A tentative for browsing the classical musique
... is a pain. Better install the virtual machine. Launch it, connect to it with ssh -p 2222 vm@localhost (password: musicbrainz). then
sudo su - musicbrainz
cd musicbrainz-server/admin/
./psql READWRITE
In PosGres:
\c musicbrainz
Then you can query:
select id as artistId, name, trackId, title
from musicbrainz.artist_name as names
inner join(
select titles.trackId, credits.name as artist, titles.title
from musicbrainz.artist_credit as credits
inner join (
select tracks.id as trackId, tracks.artist_credit as credit, titles.title
from musicbrainz.track as tracks
inner join musicbrainz.aaa_titles as titles
on tracks.name = titles.id) titles
on titles.credit = credits.id ) credits
on names.id = credits.artist
See https://github.com/frioult/clasik/blob/master/filter/filter-russ.sed.

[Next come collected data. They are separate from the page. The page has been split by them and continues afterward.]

Lemma S_finite_image (M N : lmodType R) (f : {linear M -> N}) s :
  S_finite_wrt M s -> S_finite_in (fun y => exists x, f x = y) s.
Proof.
move/S_finite_wrt_in => S_M; rewrite -[s]mulr1.
apply: (S_finite_in_transfer (phi := f) _ _ S_M) => [x _|_ [x <-]]; first by exists x.
by exists x; rewrite ?scale1r.
Qed.

Lemma S_finite_surj (N C : lmodType R) (q : {linear N -> C}) s :
  (forall c, exists y, q y = c) -> S_finite_wrt N s -> S_finite_wrt C s.
Proof.
move=> q_surj /S_finite_wrt_in S_N; apply/S_finite_wrt_in; rewrite -[s]mulr1.
apply: (S_finite_in_transfer (phi := q) _ _ S_N) => // c _.
by have [y <-] := q_surj c; exists y; rewrite ?scale1r.
Qed.

End SFinite.

Section Presentations.
Variable R : comPzRingType.
Implicit Types X Y F K : lmodType R.

Lemma linear_factor_quot X Y (P : X -> Prop) (hP : prop_submod_closed P)
    (h : {linear X -> Y}) :
  (forall x, P x -> h x = 0) ->
  exists h' : {linear quot_lmod hP -> Y}, forall x, h' (\pi x) = h x.
Proof.
move=> h_P; have h_repr x : h (repr (\pi_(quot_lmod hP) x)) = h x.
  apply/eqP; rewrite -subr_eq0 -linearB; apply/eqP/h_P/pi_eq0.
  by rewrite linearB /= reprK subrr.
pose h' (y : quot_lmod hP) := h (repr y).
have h'_lin : linear h'.
  move=> a y z; elim/quotW: y => y; elim/quotW: z => z.
  by rewrite /h' -linearP !h_repr linearP.
by exists (HB.pack_for {linear quot_lmod hP -> Y} h'
  (GRing.isLinear.Build R (quot_lmod hP) Y _ h' h'_lin)).
Qed.

Lemma linear_lift_inj (A K X : lmodType R) (j : {linear K -> X}) (h : {linear A -> X}) :
  injective j -> (forall a, exists k, j k = h a) ->
  exists h' : {linear A -> K}, forall a, j (h' a) = h a.
Proof.
move=> j_inj /choice [h' jh'].
have h'_lin : linear h' by move=> c a b; apply: j_inj; rewrite linearP !jh' linearP.
by exists (HB.pack_for {linear A -> K} h' (GRing.isLinear.Build R A K _ h' h'_lin)).
Qed.

Lemma uSfp_of_map K F (phi : {linear F -> K}) s :
  fin_presented F -> (forall y, phi y = 0 -> s *: y = 0) ->
  (forall x, exists y, phi y = s *: x) -> uS_fin_presented_wrt K s.
Proof.
move=> F_fp ker_s im_s; have [i_inj i_im] := sub_lmod_copy (kernel_closed phi).
exists (sub_lmod (kernel_closed phi)), F, (quot_lmod (image_closed phi)), val, phi, \pi.
split=> //; split=> //; split=> //; split=> [m|]; first exact: iff_sym (pi_eq0 _ m).
split=> [t|]; first by exists (repr t); apply: reprK.
split=> t; last by elim/quotW: t => m; rewrite -linearZZ; apply/pi_eq0/im_s.
by apply: val_inj; rewrite linearZZ /= ker_s //; apply/i_im; exists t.
Qed.

Lemma fin_presented_quot n (L : seq 'rV[R]_n) :
  fin_presented (quot_lmod (span_of_closed L)).
Proof.
pose e (i : 'I_n) := \pi_(quot_lmod (span_of_closed L)) (delta_mx 0 i : 'rV[R]_n).
have lcomb_e l : lcomb e l = \pi l by rewrite -[in RHS](lcomb_deltas l) lcomb_map.
pose g := [seq e i | i <- enum 'I_n].
have g_e (i : 'I_n) : g`_i = e i by rewrite (nth_map i) ?size_enum_ord ?nth_ord_enum.
have size_g : size g = n by rewrite size_map size_enum_ord.
exists g; split=> [y|]; first by apply/span_of_enum; elim/quotW: y => l; exists l.
(* fin_presented indexes relations by size g, which is n only propositionally *)
move: (size g) size_g g_e => m size_g g_e; subst m; exists L => c.
rewrite (eq_bigr (fun i => c 0 i *: e i)) => [|i _]; last by rewrite g_e.
by change (lcomb e c = 0 <-> span_of L c); rewrite lcomb_e; apply: pi_eq0.
Qed.

Lemma uSfp_of_relations X n (v : 'I_n -> X) K (j : {linear K -> X}) t :
  is_submodule_copy j (in_span v) -> S_finite_in (relations v) t ->
  uS_fin_presented_wrt K t.
Proof.
move=> [j_inj j_im] [L L_rel L_gen].
have [h h_pi] : exists h : {linear quot_lmod (span_of_closed L) -> X},
    forall l, h (\pi l) = lcomb v l.
  by apply: linear_factor_quot => l; apply: span_of_min L_rel; apply: kernel_closed.
have [phi j_phi] : exists phi : {linear quot_lmod (span_of_closed L) -> K},
    forall y, j (phi y) = h y.
  by apply: linear_lift_inj => // y; apply/j_im; elim/quotW: y => l; exists l.
apply: (uSfp_of_map (phi := phi)); first exact: fin_presented_quot.
  move=> y; elim/quotW: y => l /(congr1 j); rewrite j_phi h_pi linear0 => /L_gen.
  by rewrite -linearZZ => Ltl; apply/pi_eq0.
move=> x; have [l lx] : in_span v (j x) by apply/j_im; exists x.
exists (\pi_(quot_lmod (span_of_closed L)) (t *: l)); apply: j_inj.
by rewrite j_phi h_pi [RHS]linearZZ -lx linearZZ.
Qed.

End Presentations.

Section RelationModules.
Variable R : comPzRingType.
Implicit Types X F K M N C : lmodType R.

Definition fg_uSfp X (s : R) := forall g K (j : {linear K -> X}),
  is_submodule_copy j (span_of g) -> uS_fin_presented_wrt K s.

Definition S_finite_relations X (t : R) :=
  forall n (v : 'I_n -> X), S_finite_in (relations v) t.

Lemma relations_S_finite_of_presentation X F n (v : 'I_n -> X)
    (psi : {linear F -> X}) t :
  fin_presented F -> (forall y, psi y = 0 -> t *: y = 0) ->
  (forall i, exists y, psi y = t *: v i) -> (forall y, in_span v (psi y)) ->
  S_finite_in (relations v) (t * t).
Proof.
move=> [gF [gF_span [rel relP]]] psi_ker psi_im psi_span; pose e := seq_fam gF.
have [a psi_a] : {a : 'I_n -> 'rV_(size gF) & forall i, psi (lcomb e (a i)) = t *: v i}.
  apply: (choice (P := fun i a => psi (lcomb e a) = t *: v i)) => i.
  have [y <-] := psi_im i.
  by have /span_ofE [c <-] := gF_span y; exists c.
have [d d_e] : {d : 'I_(size gF) -> 'rV_n & forall k, lcomb v (d k) = psi (e k)}.
  by apply: (choice (P := fun k d => lcomb v d = psi (e k))) => k; apply: psi_span.
have lcomb_d mu : lcomb v (lcomb d mu) = psi (lcomb e mu).
  rewrite (lcomb_map (lcomb v)) (lcomb_map psi).
  by congr lcomb; apply: funext => k; apply: d_e.
have psi_lcomb_a la : psi (lcomb e (lcomb a la)) = t *: lcomb v la.
  rewrite (lcomb_map (lcomb e)) (lcomb_map psi) -lcombfZ.
  by congr lcomb; apply: funext => i; apply: psi_a.
(* With A := lcomb a and D := lcomb d, a relation la of v satisfies
   t^2 la = t (t la - D (A la)) + D (t A la), where t A la is a relation of
   the presentation of F. *)
pose w i := t *: delta_mx 0 i - lcomb d (a i).
have lcomb_w la : lcomb w la = t *: la - lcomb d (lcomb a la).
  by rewrite lcombfB lcombfZ lcomb_deltas (lcomb_map (lcomb d)).
exists ([seq w i | i <- enum 'I_n] ++ [seq lcomb d r | r <- rel]).
  move=> l; rewrite mem_cat => /orP [] /mapP [x x_in ->]; rewrite /relations.
    by rewrite linearB linearZZ /= lcomb_delta lcomb_d psi_a subrr.
  have ex0 : lcomb e x = 0 by apply/relP; apply: span_of_mem.
  by rewrite lcomb_d ex0 linear0.
move=> la la_rel; pose mu := lcomb a la.
have t_mu : span_of rel (t *: mu).
  apply/relP; change (lcomb e (t *: mu) = 0); rewrite linearZZ; apply: psi_ker.
  by rewrite psi_lcomb_a la_rel scaler0.
have -> : (t * t) *: la = t *: lcomb w la + lcomb d (t *: mu).
  by rewrite lcomb_w linearZZ scalerBr scalerA subrK.
apply: (span_of_closed _).2.
  apply: lcomb_closed => [|i]; first exact: span_of_closed.
  by apply: span_of_mem; rewrite mem_cat map_f ?mem_enum.
apply: span_of_sub (span_of_map (lcomb d) t_mu) => y y_in.
by apply: span_of_mem; rewrite mem_cat y_in orbT.
Qed.

Lemma fg_uSfp_relations X t : fg_uSfp X t -> S_finite_relations X (t * t).
Proof.
move=> X_fg n v; have hS := span_of_closed [seq v i | i <- enum 'I_n].
have [j_inj j_im] := sub_lmod_copy hS.
have [T1 [F [T2 [i [phi [p [F_fp [_ [ker_phi [ker_p [_ [T1_t T2_t]]]]]]]]]]]] :=
  X_fg _ _ _ (sub_lmod_copy hS).
apply: (relations_S_finite_of_presentation (psi := val \o phi)) => // [y|k|y].
- move=> phi_y; have /ker_phi [x <-] : phi y = 0 by apply: val_inj; rewrite linear0.
  by rewrite -linearZZ T1_t linear0.
- have [z zv] : exists z : sub_lmod hS, val z = v k.
    by apply/j_im/span_of_enum; exists (delta_mx 0 k); rewrite lcomb_delta.
  have /ker_p [y phi_y] : p (t *: z) = 0 by rewrite linearZZ T2_t.
  by exists y; rewrite -zv -linearZZ -phi_y.
- by apply/span_of_enum/j_im; exists (phi y).
Qed.

Lemma fg_uSfp_copy K X (j : {linear K -> X}) s :
  injective j -> fg_uSfp X s -> fg_uSfp K s.
Proof.
move=> j_inj X_fg g K' j' [j'_inj j'_im]; apply: (X_fg (map j g) K' (j \o j')).
split=> [x y /j_inj/j'_inj //|m]; split=> [[k <-]|/span_of_map_preim [x Sx <-]] /=.
  by apply: span_of_map; apply/j'_im; exists k.
by have [k <-] := proj2 (j'_im x) Sx; exists k.
Qed.

Lemma relations_coker M N C (f : {linear M -> N}) (q : {linear N -> C})
    (gM : seq M) sM t n (v : 'I_n -> C) :
  (forall c, exists y, q y = c) -> (forall y, q y = 0 <-> exists x, f x = y) ->
  (forall x, span_of gM (sM *: x)) ->
  S_finite_relations N t ->
  S_finite_in (relations v) (t * sM).
Proof.
move=> q_surj q_ker SgM relN.
have [u qu] : {u : 'I_n -> N & forall i, q (u i) = v i}.
  exact: (choice (P := fun i y => q y = v i)).
have lcomb_qu l : lcomb v l = q (lcomb u l).
  by rewrite lcomb_map; congr lcomb; apply: funext => i; rewrite qu.
pose w := cat_fam u (fun k => f (seq_fam gM k)).
have lcomb_w l : lcomb w l = lcomb u (lsubmx l) + f (lcomb (seq_fam gM) (rsubmx l)).
  by rewrite lcomb_cat (lcomb_map f).
apply: (S_finite_in_transfer (phi := lsubmx) _ _ (relN _ w)) => [l|la].
  rewrite /relations lcomb_w lcomb_qu => /eqP; rewrite addr_eq0 => /eqP u_l.
  by apply/q_ker; exists (- lcomb (seq_fam gM) (rsubmx l)); rewrite linearN u_l.
rewrite /relations lcomb_qu => /q_ker [x fx]; have /span_ofE [mu mux] := SgM x.
exists (row_mx (sM *: la) (- mu)); last exact: row_mxKl.
rewrite /relations lcomb_w row_mxKl row_mxKr !linearN /= mux.
by rewrite [f _]linearZZ fx [lcomb u _]linearZZ subrr.
Qed.

Lemma fg_uSfp_coker M N C (f : {linear M -> N}) (q : {linear N -> C})
    (gM : seq M) sM t :
  (forall c, exists y, q y = c) -> (forall y, q y = 0 <-> exists x, f x = y) ->
  (forall x, span_of gM (sM *: x)) ->
  S_finite_relations N t ->
  fg_uSfp C (t * sM).
Proof.
move=> q_surj q_ker SgM relN g K j [j_inj j_im].
apply: (uSfp_of_relations (v := seq_fam g)); last exact: relations_coker q_ker SgM relN.
split=> [|m]; first exact: j_inj.
by split=> [/j_im/span_ofE|/span_ofE/j_im].
Qed.

Lemma uS_coherent_intro (S : {pred R}) X s1 s2 :
  multiplicative_subset S -> s1 \in S -> s2 \in S ->
  S_finite_wrt X s1 -> fg_uSfp X s2 -> uS_coherent S X.
Proof.
move=> [_ mulS] s1S s2S [g Sg] X_fg; exists (s1 * s2); first exact: mulS.
split=> [|g' K j /X_fg [T1 [F [T2 [i [phi [p [? [? [? [? [? [T1_s T2_s]]]]]]]]]]]]].
  by exists g => x; rewrite -scalerA.
exists T1, F, T2, i, phi, p; do 5 split=> //.
by split=> t; rewrite -scalerA ?T1_s ?T2_s scaler0.
Qed.

End RelationModules.

Theorem corollary3p3 (R : comPzRingType) (S : {pred R})
    (M N : lmodType R) (f : {linear M -> N}) :
  multiplicative_subset S ->
  uS_coherent S M -> uS_coherent S N ->
  (* Ker(f): every module K embedded in M with image Ker f *)
  (forall (K : lmodType R) (j : {linear K -> M}),
      is_submodule_copy j (fun m => f m = 0) -> uS_coherent S K) /\
  (* Im(f): every module I embedded in N with image Im f *)
  (forall (I : lmodType R) (j : {linear I -> N}),
      is_submodule_copy j (fun n => exists m, f m = n) -> uS_coherent S I) /\
  (* Coker(f): every module C with a surjection q : N -> C whose kernel is Im f *)
  (forall (C : lmodType R) (q : {linear N -> C}),
      (forall c : C, exists n, q n = c) ->
      (forall n : N, q n = 0 <-> exists m, f m = n) ->
      uS_coherent S C).
Proof.
move=> mulS [sM sM_S [[gM SgM] M_fg]] [sN sN_S [N_fin N_fg]].
have relN := fg_uSfp_relations N_fg.
have sN2M_S : sN * sN * sM \in S by rewrite !mulS.2.
split; [|split].
- move=> K j [j_inj j_im].
  apply: (uS_coherent_intro mulS sN2M_S sM_S); last exact: fg_uSfp_copy j_inj M_fg.
  exact: S_finite_of_copy (conj j_inj j_im) (S_finite_kernel SgM (relN _ _)).
- move=> I j [j_inj j_im].
  apply: (uS_coherent_intro mulS sM_S sN_S); last exact: fg_uSfp_copy j_inj N_fg.
  exact: S_finite_of_copy (conj j_inj j_im) (S_finite_image f (ex_intro _ gM SgM)).
- move=> C q q_surj q_ker.
  apply: (uS_coherent_intro mulS sN_S sN2M_S); first exact: S_finite_surj q_surj N_fin.
  exact: fg_uSfp_coker q_surj q_ker SgM relN.
Qed.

php index.php titles.txt | sed -f filter.sed > titles.txt.sed
(echo "{"; echo '"titles": [ '; sed -f transform.sed titles.txt.sed | head -2000; echo "{}"; echo "]"; echo "}") > titles.json
node -e "console.log(JSON.stringify(JSON.parse(require('fs') .readFileSync(process.argv[1])), null, 4));" titles.json
We use a shell script, that removes lines from a copy of the input and stores the track id in the .remove
file :
#!/bin/bash
if [ $# -ne 1 ]; then
ec ho "erreur usage: $0 <JSON file>" 1>&2
echo "filters the parts of the JSON with incorrect format" 1>&2
exit 1
fi
input=$1; shift
new=$input.json
cp $input $new
# remove list
remove=$input.remove
rm $remove 2>/dev/null
while :; do
set $(node -e "console.log(JSON.stringify(JSON.parse(require('fs') .readFileSync(process.argv[1])), null, 4));" $new 2>&1 | grep "undefined" | sed 's/.*://') > /dev/null
if [ $# -eq 0 ]; then
break
else
track=$(sed -n "$1p" $new | sed 's/.*"track":\([0-9]*\).*/\1/')
echo $track
echo $track >> $remove
sed -i $1d $new
fi
done
(takes also a long time)
cat titles.json.remove | (while read a; do sed -i "/$a/d" titles.json; done)
A much better solution:
awk -F'|' 'BEGIN{while ((getline < "tracksToBeRemoved.txt") > 0){tab[$1]=1}}{if($3 in tab)next;print}' titles.txt |wc -l
At the end, edit the titles.json
file to close the JSON delimiters. The result is here.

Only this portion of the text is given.